A point worth noting: Heiligenkreuz belongs to a rouee name Baron Von Ruchenbach, it is his ancestral castle.


Part the Fourth: The Castle Interior: In which the plot picks up speed.


Reader: Stroll with me for a while among the interior castle courtyard. Before we go further, though, note the striking contrasts of nature and ancient art arranged by Ruchenbach to create just such a mood.

On a cold, snowy evening after a morning of heli-skiing, the Baron and I walk past stone cupids smiling mysteriously. Bronze Psyches spring from the barren landscape, iron Bacchantes cavort, and, in the distance, crouching sandstone griffins. I spot a heralding angel made of lead, dimly, as though through a thick fog, blasting a trumpet that he holds aloft.

Kaleidoscopes hang from trees. The rhythmic arcade appears lovely through shafts of colored light on the snow beneath us -- here, a pool of wine yellow light; there, a soft pale lilac; now, a sharp lime green; finally, a smoky blue pearl.

It is November. The snowflakes weave choral patterns in space. The kaleidoscopic lights create a symphonic mood. “Lovely, isn’t it,” says Von Ruchenbach, serenely, like a man who has attained detachment from the bonds of worldly sense perception. He rapidly picks up speed.

“Indeed,” I reply. Just then, a curious sound. A single crisp note from a Viola da Gamba tuning in the other room echoes, filling the halls, then dissipating. “D Major,” I register to myself, picking up the pace.

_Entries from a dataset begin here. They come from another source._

(* Let $G=(V,E)$ be a claw-free graph, let $L\subseteq V$ be such that $G[L]$ is an induced path or a hole, and let $\mathbf{j}\in V\setminus L$. Write $N=\Gamma_L(\mathbf{j})$. Then one of the following holds: (a.i) $N=\emptyset$; (a.ii) $|N|=2$ and the two vertices of $N$ are adjacent; (a.iii) $|N|=4$ and $G[N]$ is either a disjoint union of two edges or a path with three edges; (a.iv) $L$ is a hole of length four and $N=L$; (a.v) $L$ is an induced path with at least one edge and $N$ consists of the two endpoints of $L$; (b.i) $|N|=3$, $G[N]$ is a path with two edges, and each vertex of $N$ has two neighbours in $L$; (b.ii) $L$ is a hole of length five and $N=L$; (b.iii) $L$ is an induced path and $N$ consists of exactly one endpoint of $L$; (b.iv) $L$ is an induced path and $N=\{\mathbf{e},\mathbf{x},\mathbf{y}\}$ where $\mathbf{e}$ is an endpoint of $L$ and $\mathbf{x},\mathbf{y}$ are adjacent vertices of $L$.
   Context: A hole is an induced cycle of length at least 4. An induced path is a vertex set $\{\mathbf{j}_0,\dots,\mathbf{j}_\ell\}$ whose induced edges are exactly $\{\mathbf{j}_i,\mathbf{j}_{i+1}\}$, $0\le i<\ell$; its endpoints are $\mathbf{j}_0,\mathbf{j}_\ell$. The claw is $K_{1,3}$; claw-free means no four vertices induce a claw. $\Gamma_L(\mathbf{j})=\Gamma(\mathbf{j})\cap L$ is the set of neighbours of $\mathbf{j}$ in $L$. *)

(* A simple graph is a symmetric irreflexive relation e on a finType T. *)
From mathcomp Require Import all_boot.
Set Implicit Arguments. Unset Strict Implicit. Unset Printing Implicit Defensive.

Definition claw_free (T : finType) (e : rel T) : Prop :=
  ~ exists a b c d : T,
      [&& e a b, e a c, e a d, b != c, b != d, c != d,
          ~~ e b c, ~~ e b d & ~~ e c d].

Definition induced_path (T : finType) (e : rel T) (p : seq T) : Prop :=
  0 < size p /\ uniq p /\
  forall (x0 : T) (i k : nat), i < size p -> k < size p ->
    e (nth x0 p i) (nth x0 p k) = (i == k.+1) || (k == i.+1).

Definition hole (T : finType) (e : rel T) (p : seq T) : Prop :=
  4 <= size p /\ uniq p /\
  forall (x0 : T) (i k : nat), i < size p -> k < size p ->
    e (nth x0 p i) (nth x0 p k) =
      (i == k.+1 %% size p) || (k == i.+1 %% size p).

Definition nbhd_in (T : finType) (e : rel T) (L : {set T}) (j : T) : {set T} :=
  [set y in L | e j y].

Definition induces_path_edges (T : finType) (e : rel T) (N : {set T}) (k : nat) : Prop :=
  exists q : seq T, size q = k.+1 /\ induced_path e q /\ N = [set x in q].

Definition induces_2K2 (T : finType) (e : rel T) (N : {set T}) : Prop :=
  exists a b c d : T, N = [set a; b; c; d] /\ #|N| = 4 /\
    forall x y, x \in N -> y \in N ->
      e x y = ([set x; y] == [set a; b]) || ([set x; y] == [set c; d]).

From mathcomp Require Import all_boot.
From mathcomp Require Import zify.
Set Implicit Arguments. Unset Strict Implicit. Unset Printing Implicit Defensive.

(* Read the neighbours of j on L through their positions along L.  Claw-freeness at j
   forbids three pairwise non-consecutive neighbours; claw-freeness at an inner vertex v
   of an induced path forbids j to see v but neither path-neighbour of v, since j and
   those two neighbours would be the leaves of a claw centred at v.  The position sets
   obeying both rules are the nine shapes of [index_shape], and for an induced path each
   shape is one of the listed outcomes.  If L is a hole and j sees all of it, the claw
   on three alternate vertices leaves only lengths 4 and 5.  Otherwise j misses some x,
   and deleting x leaves an induced path whose ends are adjacent to x; a claw centred at
   an end then rules out every shape where j sees an end but not its path-neighbour. *)

Definition stable3_free n (S : nat -> bool) :=
  forall i k l, i.+1 < k -> k.+1 < l -> l < n -> S i -> S k -> S l -> False.

Definition no_inner_isolated n (S : nat -> bool) :=
  forall i, 0 < i -> i.+1 < n -> S i -> S i.-1 || S i.+1.

Definition indexed_by n (S : nat -> bool) (l : seq nat) :=
  forall i, i < n -> S i = (i \in l).

(* [S i] stands for "j is adjacent to the i-th vertex of an induced path on n vertices". *)
Variant index_shape n (S : nat -> bool) : Prop :=
  | ShapeNil of indexed_by n S [::]
  | ShapeEnd a of (a = 0 \/ a = n.-1) & a < n & indexed_by n S [:: a]
  | ShapeEdge a of a.+1 < n & indexed_by n S [:: a; a.+1]
  | ShapeP3 a of a.+2 < n & indexed_by n S [:: a; a.+1; a.+2]
  | ShapeP4 a of a.+3 < n & indexed_by n S [:: a; a.+1; a.+2; a.+3]
  | Shape2K2 a c of a.+2 < c & c.+1 < n & indexed_by n S [:: a; a.+1; c; c.+1]
  | ShapeEnds of 2 < n & indexed_by n S [:: 0; n.-1]
  | ShapeEdgeEnd a of a.+3 < n & indexed_by n S [:: a; a.+1; n.-1]
  | ShapeEndEdge c of 1 < c & c.+1 < n & indexed_by n S [:: 0; c; c.+1].

Section IndexShape.

Variables (n : nat) (S : nat -> bool).
Hypotheses (S_stable3 : stable3_free n S) (S_inner : no_inner_isolated n S).

Lemma inner_min_succ a : 0 < a -> a.+1 < n -> S a ->
  (forall i, i < n -> S i -> a <= i) -> S a.+1.
Proof.
by move=> a_gt0 a_lt Sa amin; case/orP: (S_inner a_gt0 a_lt Sa) => // /amin; lia.
Qed.

Lemma inner_max_pred b : 0 < b -> b.+1 < n -> S b ->
  (forall i, i < n -> S i -> i <= b) -> S b.-1.
Proof.
by move=> b_gt0 b_lt Sb bmax; case/orP: (S_inner b_gt0 b_lt Sb) => // /bmax; lia.
Qed.

Section Spread.

Variables a b : nat.
Hypotheses (ab : a.+1 < b) (bn : b < n) (Sa : S a) (Sb : S b).
Hypothesis S_bounds : forall i, i < n -> S i -> a <= i <= b.

Lemma spread_mem i : i < n ->
  S i = [|| i == a, i == b, (i == a.+1) && S a.+1 | (i == b.-1) && S b.-1].
Proof.
move=> hi; apply/idP/idP => [Si|]; last first.
  by case/or4P => [/eqP->|/eqP->|/andP[/eqP->]|/andP[/eqP->]].
have /andP[ai ib] := S_bounds hi Si.
have [/andP[h1 h2]|nmid] := boolP (a.+1 < i < b.-1).
  by case: (S_stable3 h1 _ bn Sa Si Sb); lia.
have : i = a \/ i = b \/ i = a.+1 \/ i = b.-1 by lia.
by case=> [|[|[]]] ei; subst i; rewrite ?Si !eqxx ?orbT.
Qed.
Lemma cvg_powR_Nlinear (R : realType) (b a : R) : 1 < b -> 0 < a ->
  b `^ (- (a * y)) @[y --> +oo] --> 0.
Proof.
move=> b1 a0; have alnb0 : 0 < a * ln b by rewrite mulr_gt0 ?ln_gt0.
have -> : (fun y => b `^ (- (a * y))) = (fun y => expR (- (a * ln b * y))).
  apply: funext => y; rewrite /powR gt_eqF ?(lt_trans ltr01) //.
  by congr expR; rewrite mulrAC mulNr.
apply: (cvg_comp _ _ _ (@cvgr_expR R)); apply/cvgryPge => M.
apply: filterS (nbhs_pinfty_ge (num_real (M / (a * ln b)))) => y.
by rewrite ler_pdivrMr // [y * _]mulrC.
Qed.

Unset Implicit Arguments.

Theorem lemma3p4 (R : realType) (t d q : nat)
  (L : 'I_t -> 'M[R]_d) (b : 'I_t -> 'cV[R]_d)
  (* psi_i x = L_i x + b_i are affine bijections *)
  (Linv : forall i, L i \in unitmx)
  (* max_i Lip(psi_i) < 1 *)
  (Hcontr : exists2 c : R, c < 1 & forall i (x y : 'cV[R]_d),
      normv ((L i *m x + b i) - (L i *m y + b i)) <= c * normv (x - y))
  (Hq : (1 <= q <= d)%N)
  (* (ND_q) *)
  (HND : exists2 g : R, 0 < g & forall c e : 'cV[R]_(qdim d q),
      exists i, g * normv c * normv e <= `| dotv (pullq q (L i) *m c) e |)
  (beta : R)
  (Hbeta : posdef_eigenvalue (fun i => pullq q (L i)) beta)
  (Hbeta1 : 1 < beta)
  (g' : R) (Hg' : 1 < g') :
  (fun y : R => piprime (fun i => pullq q (L i)) y / beta `^ (g' * y))
    @ +oo --> 0.
Proof.
have [C C0 piC] := piprime_le_powR Hbeta1 Hbeta.
have beta_gt0 : 0 < beta by rewrite (lt_trans ltr01).
have g'1_gt0 : 0 < g' - 1 by rewrite subr_gt0.
pose h y := C * beta `^ (- ((g' - 1) * y)).
have h0 : h y @[y --> +oo] --> 0.
  by rewrite -(mulr0 C); apply: cvgM; [exact: cvg_cst | exact: cvg_powR_Nlinear].
apply: (@squeeze_cvgr _ _ _ _ (fun y => - h y) h); last exact: h0; last first.
  by rewrite -oppr0; exact: cvgN.
near=> y; have y0 : 0 <= y by near: y; exact: nbhs_pinfty_ge.
rewrite -ler_norml normrM normfV (ger0_norm (powR_ge0 _ _)) ler_pdivrMr ?powR_gt0 //.
apply: le_trans (piC y y0) _; rewrite /h -mulrA -powRD ?(gt_eqF beta_gt0) ?implybT //.
by rewrite mulrBl mul1r opprB subrK.
Unshelve. all: by end_near. Qed.
(* Let $S(t,p,q)=\sum_{\pi}t^{|\pi|}p^{\mathrm{asc}(\pi)}q^{\mathrm{des}(\pi)}$, summed over all separable permutations $\pi$, and let $I(t,p,q)$ be the same sum restricted to irreducible separable permutations. Then $$pq\,S(t,p,q)^3+pq\,t\,S(t,p,q)^2+S(t,p,q)\bigl((p+q)t-1\bigr)+t=0$$ and $$I(t,p,q)=\frac{t+q\,(t+S(t,p,q))\,S(t,p,q)}{1+q\,S(t,p,q)}.$$
   Context: A permutation of length $n$ is a word $\pi=\pi_1\cdots\pi_n$ containing each element of $[n]$ exactly once; $|\pi|=n$. For $\pi$ of length $m$ and $\sigma$ of length $n$, $\pi\oplus\sigma=\pi_1\cdots\pi_m(\sigma_1+m)\cdots(\sigma_n+m)$ and $\pi\ominus\sigma=(\pi_1+n)\cdots(\pi_m+n)\sigma_1\cdots\sigma_n$. Separable permutations are the permutations of length $\ge1$ obtained from the permutation $1$ by repeatedly applying $\oplus$ and $\ominus$ (equivalently, those avoiding $2413$ and $3142$). The permutation $1$ is irreducible; a permutation of length $n\ge2$ is irreducible if there is no $i$ with $2\le i\le n$ such that every element of $\pi_1\cdots\pi_{i-1}$ is less than every element of $\pi_i\cdots\pi_n$. $\mathrm{asc}(\pi)=\#\{i<n:\pi_i<\pi_{i+1}\}$, $\mathrm{des}(\pi)=\#\{i<n:\pi_i>\pi_{i+1}\}$. *)

From HB Require Import structures.
From mathcomp Require Import all_boot all_order all_algebra.
From Stdlib Require Import ClassicalEpsilon.
Set Implicit Arguments. Unset Strict Implicit. Unset Printing Implicit Defensive.
Import Order.TTheory GRing.Theory Num.Theory.

Definition is_perm (s : seq nat) : bool := perm_eq s (iota 1 (size s)).

Definition oplus (a b : seq nat) : seq nat := a ++ map (addn (size a)) b.
Definition ominus (a b : seq nat) : seq nat := map (addn (size b)) a ++ b.

Inductive separable : seq nat -> Prop :=
| sep_one : separable [:: 1]
| sep_plus a b : separable a -> separable b -> separable (oplus a b)
| sep_minus a b : separable a -> separable b -> separable (ominus a b).

Definition separableb (s : seq nat) : bool :=
  if excluded_middle_informative (separable s) then true else false.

We are inside the castle walls. Presently, Ruchenbach and I are inside the castle alternating an Armagnac with a Chiroubles Paul Beaudet '83, while I gently coerce him to let slip that a lost manuscript by an unknown medieval daemonologist -- a clue to solving the Great Work of my life -- lays secreted in the monastery library. I intone the name of the text nonchalantly: he doesn’t catch it; I slyly repeat the name a second time, he asks me once again, and – finally – on the third go, he understands. His exact words of response: “Of course that book is in my possession.”

The castle itself displays rich architectural decorations: pillars that have splendidly ornamental capitals, portal frames, free-standing flights of stairs, and magnificent window arcades. The floor and walls are made of marble, pieced together in a square pattern like a chessboard with scarlet and opaque white stones. In that room, the chairs are upholstered in a rich green brocade. Oil paintings framed in gold of ancient relations in historical order, receding into the Dark Ages, gaze inquisitively. As I walk through the halls with Von Ruchenbach, my eyes follow the various paintings that run down the wall. One gaze in particular seems to implore me to turn back.

The stairs end at a low tunnel, along which the Baron hurries on towards a distant wobbling flame. Absorbing the darkness, the flame emits a dry, low roar. I follow. A few more haphazard notes fly from a Viola da Gamba tuning in another room, flying through the tunnel – G, C Sharp, and a triumphant, vibrating A.

Emerging from the tunnel I find myself in a vaulted cellar lit by the flares from two wrought-iron torches bolted to the walls. The cellar smells of hickory and Armagnac. The walls are lines with casks.

Ruchenbach’s wife, Tilotny, the mistress of the house, all dark smiling eyes and lithe, spiral movements, comes down the stairs to greet me. The trains of her dress create a charming effect as they fall in beautiful drapes across her stead. At the top of the stairs, Monsieur le Baron’s progeny observe me quietly: twins, one boy and one girl; both of them are wearing William Kent style feathered masks.